──────── GIVEN ENTRIES ────────

(* Let $n$ be even, let $\mathbf{X}=\{X_{rj}:r,j=1,\dots,n\}$ be the switch variables of the standard lightbulb process with $X_j=(\sum_{r=1}^nX_{rj})\bmod 2$, and for $i\in\{1,\dots,n\}$ construct $\mathbf{X}^i$ as follows: let $J^i$ have conditional distribution, given $\mathbf{X}$, uniform on $\{j:X_{n/2,j}=1-X_{n/2,i}\}$; if $X_i=1$ set $\mathbf{X}^i=\mathbf{X}$; otherwise let $\mathbf{X}^i$ equal $\mathbf{X}$ except that the values of $X_{n/2,i}$ and $X_{n/2,J^i}$ are interchanged. Then for all $i=1,\dots,n$, $\mathcal{L}(\mathbf{X}^i)=\mathcal{L}(\mathbf{X}\mid X_i=1)$.
   Context: Standard lightbulb process: $n$ bulbs, all initially off, $n$ stages; at stage $r=1,\dots,n$ a uniformly random subset of exactly $r$ bulbs is toggled, independently across stages. The switch variable $X_{rj}\in\{0,1\}$ is $1$ iff bulb $j$ is toggled at stage $r$; thus $P(X_{rj}=e_{rj}\ \forall r,j)=\prod_{r=1}^n\binom{n}{r}^{-1}$ if $\sum_je_{rj}=r$ for all $r$, and $0$ otherwise. $\mathcal{L}(\cdot)$ denotes the law (distribution). *)

From HB Require Import structures.
From mathcomp Require Import all_boot all_order all_algebra.
Set Implicit Arguments. Unset Strict Implicit. Unset Printing Implicit Defensive.
Import Order.TTheory GRing.Theory Num.Theory.
Local Open Scope ring_scope.

(* A switch configuration: e r j = X_{(r+1) j}; stage r = 1..n is row index r-1,
   bulb j = 1..n is column index j-1. *)
Definition config (n : nat) := {ffun 'I_n -> {ffun 'I_n -> bool}}.

Definition valid n (e : config n) : bool :=
  [forall r : 'I_n, #|[set j | e r j]| == (r.+1)%N].
Definition probX n (e : config n) : rat :=
  if valid e then \prod_(r < n) ('C(n, r.+1)%:R)^-1 else 0.

Definition bulb n (e : config n) (j : 'I_n) : bool :=
  odd (\sum_(r < n) (e r j : nat)).

(* the row index of stage n/2 (i.e. value n/2 - 1), built from any i : 'I_n *)
Lemma mid_proof n (i : 'I_n) : ((n./2).-1 < n)%N.
Proof.
case: n i => [[]//|n _]; rewrite ltnS.
apply: leq_trans (leq_pred _) _; rewrite leq_half_double.
by rewrite -addnn ltnS leq_addr.
Qed.
Definition mid n (i : 'I_n) : 'I_n := Ordinal (mid_proof i).

Definition swap n (i : 'I_n) (e : config n) (j : 'I_n) : config n :=
  [ffun r => if r == mid i then
               [ffun k => if k == i then e r j else if k == j then e r i else e r k]
             else e r].

Definition Jset n (i : 'I_n) (e : config n) : {set 'I_n} :=
  [set j | e (mid i) j == ~~ e (mid i) i].

(* conditional law of X^i given X = e, evaluated at f *)
Definition kernel n (i : 'I_n) (e f : config n) : rat :=
  if bulb e i then (f == e)%:R
  else (#|Jset i e|%:R)^-1 * \sum_(j in Jset i e) (f == swap i e j)%:R.

Definition lawXi n (i : 'I_n) (f : config n) : rat :=
  \sum_(e : config n) probX e * kernel i e f.

Definition condlaw n (i : 'I_n) (f : config n) : rat :=
  probX f * (bulb f i)%:R / \sum_(e : config n) probX e * (bulb e i)%:R.

(* Swapping the entries of bulbs i and j in row n/2 preserves validity of a
   configuration, hence its probability, and it is an involution that flips
   X_i exactly when X_{n/2,j} <> X_{n/2,i}.  For n even, every valid
   configuration has exactly n/2 admissible partners j in that row.  Hence
   the mass that the swap step sends to f is P(X = f) [X_i(f) = 1], the same
   as the mass that stays at f, so L(X^i)(f) = 2 P(X = f) [X_i(f) = 1].
   Summing over f, since the swap step is a Markov kernel, gives
   P(X_i = 1) = 1/2, and the theorem follows. *)
From HB Require Import structures.
From mathcomp Require Import all_boot all_order all_algebra fingroup perm.
From mathcomp Require Import ring.
Set Implicit Arguments. Unset Strict Implicit. Unset Printing Implicit Defensive.
Import Order.TTheory GRing.Theory Num.Theory.
Local Open Scope ring_scope.

Lemma sumr_mul_eqr (R : pzSemiRingType) (T : finType) (F : T -> R) (c : T) :
  \sum_(x : T) F x * (x == c)%:R = F c.
Proof.
rewrite (bigD1 c) //= eqxx mulr1 big1 ?addr0 // => x /negbTE ->.
by rewrite mulr0.
Qed.

Lemma sumr_eq1 (R : pzSemiRingType) (T : finType) (c : T) :
  \sum_(x : T) (x == c)%:R = 1 :> R.
Proof.
by rewrite -[RHS](sumr_mul_eqr (fun _ => 1) c); apply: eq_bigr => x _; rewrite mul1r.
Qed.

Lemma sum_card_eq (R : pzSemiRingType) (T : finType) k :
  \sum_(g : {ffun T -> bool}) (#|[set x | g x]| == k)%:R = 'C(#|T|, k)%:R :> R.
Proof.
rewrite (reindex (fun A : {set T} => [ffun x => x \in A])) /=; last first.
  apply: onW_bij; exists (fun g : {ffun T -> bool} => [set x | g x]) => [A|g].
    by apply/setP => x; rewrite inE ffunE.
  by apply/ffunP => x; rewrite ffunE inE.
rewrite -card_draws -sum1_card natr_sum [RHS]big_mkcond /=.
apply: eq_bigr => A _; rewrite inE.
have -> : #|[set x | [ffun x => x \in A] x]| = #|A|.
  by apply: eq_card => x; rewrite inE ffunE.
by case: (_ == _).
Qed.

Section Lightbulb.

Variable n : nat.

Lemma probX0 (e : config n) : ~~ valid e -> probX e = 0.
Proof. by rewrite /probX => /negbTE ->. Qed.

Lemma valid_prod (e : config n) :
  (valid e)%:R = \prod_(r < n) (#|[set j | e r j]| == r.+1)%:R :> rat.
Proof.
have [/forallP row_ok | /forallPn [r bad_r]] := boolP (valid e).
  by rewrite big1 // => r _; rewrite row_ok.
by rewrite (bigD1 r) //= (negbTE bad_r) mul0r.
Qed.

(* Expanded row by row, the sum factors; row r has 'C(n, r+1) admissible values. *)
Lemma sum_probX : \sum_(e : config n) probX e = 1.
Proof.
pose c := \prod_(r < n) ('C(n, r.+1)%:R : rat)^-1.
transitivity (\sum_(e : config n) (valid e)%:R * c).
  by apply: eq_bigr => e _; rewrite /probX; case: (valid e); rewrite ?mul1r ?mul0r.
rewrite -big_distrl /=.
under eq_bigr do rewrite valid_prod.
rewrite -(bigA_distr_bigA (fun (r : 'I_n) (g : {ffun 'I_n -> bool}) =>
   (#|[set j | g j]| == r.+1)%:R : rat)) /=.
under eq_bigr do rewrite sum_card_eq card_ord.
rewrite /c -big_split big1 //= => r _.
by rewrite mulfV // pnatr_eq0 -lt0n bin_gt0.
Qed.

Variable i : 'I_n.

Lemma swap_row (e : config n) j r :
  swap i e j r = if r == mid i then [ffun k => e r (tperm i j k)] else e r.
Proof.
rewrite /swap ffunE; case: eqP => // _; apply/ffunP => k; rewrite !ffunE.
case: tpermP => [->|->|/eqP/negbTE -> /eqP/negbTE ->] //; first by rewrite eqxx.
by case: eqP => [->|]; rewrite ?eqxx.
Qed.

Lemma swapK (e : config n) j : swap i (swap i e j) j = e.
Proof.
apply/ffunP => r; rewrite !swap_row; case: eqP => [->|//].
by apply/ffunP => k; rewrite !ffunE ?eqxx ?ffunE tpermK.
Qed.

Lemma eq_swap (e f : config n) j : (f == swap i e j) = (e == swap i f j).
Proof. by apply/eqP/eqP => ->; rewrite swapK. Qed.

Lemma valid_swap (e : config n) j : valid (swap i e j) = valid e.
Proof.
apply: eq_forallb => r; rewrite swap_row; case: ifP => // _.
suff -> : [set k | [ffun k => e r (tperm i j k)] k] = tperm i j @^-1: [set k | e r k].
  by rewrite card_preimset //; apply: perm_inj.
by apply/setP => k; rewrite !inE ffunE.
Qed.

Lemma probX_swap (e : config n) j : probX (swap i e j) = probX e.
Proof. by rewrite /probX valid_swap. Qed.

Lemma mem_Jset_swap (e : config n) j :
  (j \in Jset i (swap i e j)) = (j \in Jset i e).
Proof.
rewrite !inE swap_row eqxx !ffunE tpermL tpermR.
by case: (e _ i); case: (e _ j).
Qed.

Lemma bulb_swap (e : config n) j :
  j \in Jset i e -> bulb (swap i e j) i = ~~ bulb e i.
Proof.
rewrite inE => /eqP e_j; rewrite /bulb (bigD1 (mid i)) //= [in RHS](bigD1 (mid i)) //=.
rewrite swap_row eqxx ffunE tpermL e_j !oddD.
rewrite (eq_bigr (fun r => (e r i : nat))); last first.
  by move=> r /negbTE r_mid; rewrite swap_row r_mid.
by case: (e _ i); rewrite /= ?negbK.
Qed.

Hypothesis n_even : ~~ odd n.

Lemma half_neq0 : (n./2)%:R != 0 :> rat.
Proof.
rewrite pnatr_eq0 -lt0n half_gt0.
by case: n n_even i => [|[|m]] // _ [].
Qed.

(* The row n/2 of a valid configuration has n/2 ones and n/2 zeros, and
   Jset i e is one of these two halves. *)
Lemma card_Jset (e : config n) : valid e -> #|Jset i e| = n./2.
Proof.
move=> /forallP /(_ (mid i)) /eqP card_row.
have card_ones : #|[set j | e (mid i) j]| = n./2.
  by rewrite card_row /= prednK // lt0n -(pnatr_eq0 rat) half_neq0.
case e_i: (e (mid i) i).
  have -> : Jset i e = ~: [set j | e (mid i) j].
    by apply/setP => k; rewrite !inE e_i /=; case: (e _ k).
  apply/eqP; rewrite -(eqn_add2l n./2) -{1}card_ones cardsC card_ord.
  by rewrite addnn even_halfK.
suff -> : Jset i e = [set j | e (mid i) j] by [].
by apply/setP => k; rewrite !inE e_i /=; case: (e _ k).
Qed.

Let h : rat := (n./2)%:R.

Lemma lawXi_stay_move (f : config n) :
  lawXi i f = probX f * (bulb f i)%:R +
    \sum_(j < n) \sum_(e : config n)
       probX e * (~~ bulb e i && (j \in Jset i e))%:R / h * (f == swap i e j)%:R.
Proof.
rewrite exchange_big -(sumr_mul_eqr (fun e => probX e * (bulb e i)%:R) f).
rewrite -big_split /=; apply: eq_bigr => e _; rewrite /kernel (eq_sym f).
have [valid_e | /probX0 ->] := boolP (valid e); last first.
  by rewrite !mul0r add0r big1 // => j _; rewrite !mul0r.
case: (bulb e i) => /=.
  by rewrite mulr1 big1 ?addr0 // => j _; rewrite mulr0 !mul0r.
rewrite mulr0 !mul0r add0r card_Jset // -/h mulr_sumr big_mkcond mulr_sumr /=.
by apply: eq_bigr => j _; case: (j \in _); rewrite /= ?mulr0 ?mul0r //; ring.
Qed.

(* Reverse the swap: the only configuration sent to f through partner j is swap i f j. *)
Lemma move_from_partner (f : config n) j :
  \sum_(e : config n)
     probX e * (~~ bulb e i && (j \in Jset i e))%:R / h * (f == swap i e j)%:R
  = probX f * (bulb f i && (j \in Jset i f))%:R / h.
Proof.
under eq_bigr do rewrite eq_swap.
rewrite sumr_mul_eqr probX_swap mem_Jset_swap.
by case J_j: (j \in Jset i f); rewrite ?andbF // bulb_swap // negbK.
Qed.

Lemma lawXi_eq (f : config n) : lawXi i f = 2 * (probX f * (bulb f i)%:R).
Proof.
rewrite lawXi_stay_move; under eq_bigr do rewrite move_from_partner.
rewrite -big_distrl -mulr_sumr /=.
have [valid_f | /probX0 ->] := boolP (valid f); last by rewrite !mul0r addr0 mulr0.
suff -> : \sum_(j < n) (bulb f i && (j \in Jset i f))%:R = (bulb f i)%:R * h :> rat.
  by rewrite mulrA mulfK ?half_neq0 // -mulr2n mulr_natl.
case: (bulb f i) => /=; last by rewrite big1 ?mul0r.
rewrite mul1r /h -(card_Jset valid_f) -sum1_card natr_sum [RHS]big_mkcond /=.
by apply: eq_bigr => j _; case: (_ \in _).
Qed.

Lemma sum_kernel (e : config n) : valid e -> \sum_(f : config n) kernel i e f = 1.
Proof.
move=> valid_e; rewrite /kernel; case: (bulb e i); first exact: sumr_eq1.
rewrite -mulr_sumr exchange_big /=.
under eq_bigr do rewrite sumr_eq1.
by rewrite sumr_const card_Jset // mulVf ?half_neq0.
Qed.

Lemma sum_lawXi : \sum_(f : config n) lawXi i f = 1.
Proof.
rewrite exchange_big -sum_probX; apply: eq_bigr => e _ /=.
have [valid_e | /probX0 ->] := boolP (valid e); last by rewrite big1 // => f _; rewrite mul0r.
by rewrite -mulr_sumr sum_kernel ?mulr1.
Qed.

Lemma prob_bulb : \sum_(e : config n) probX e * (bulb e i)%:R = 1 / 2.
Proof.
have sum2 : 2 * \sum_(e : config n) probX e * (bulb e i)%:R = 1.
  by rewrite mulr_sumr -[RHS](sum_lawXi); apply: eq_bigr => e _; rewrite lawXi_eq.
by apply: (@mulfI _ 2) => //; rewrite sum2 mul1r mulfV.
Qed.

End Lightbulb.

Theorem lemma3p2 (n : nat) (hn : ~~ odd n) (i : 'I_n) (f : config n) :
  lawXi i f = condlaw i f.
Proof.
by rewrite lawXi_eq // /condlaw prob_bulb // invf_div divr1 mulrC.
Qed.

────────

EXERCISE DESCRIPTION
Search the material above for the word "Require", and return each line that holds it.

RESULT
From HB Require Import structures.
From mathcomp Require Import all_boot all_order all_algebra.
From HB Require Import structures.
From mathcomp Require Import all_boot all_order all_algebra fingroup perm.
From mathcomp Require Import ring.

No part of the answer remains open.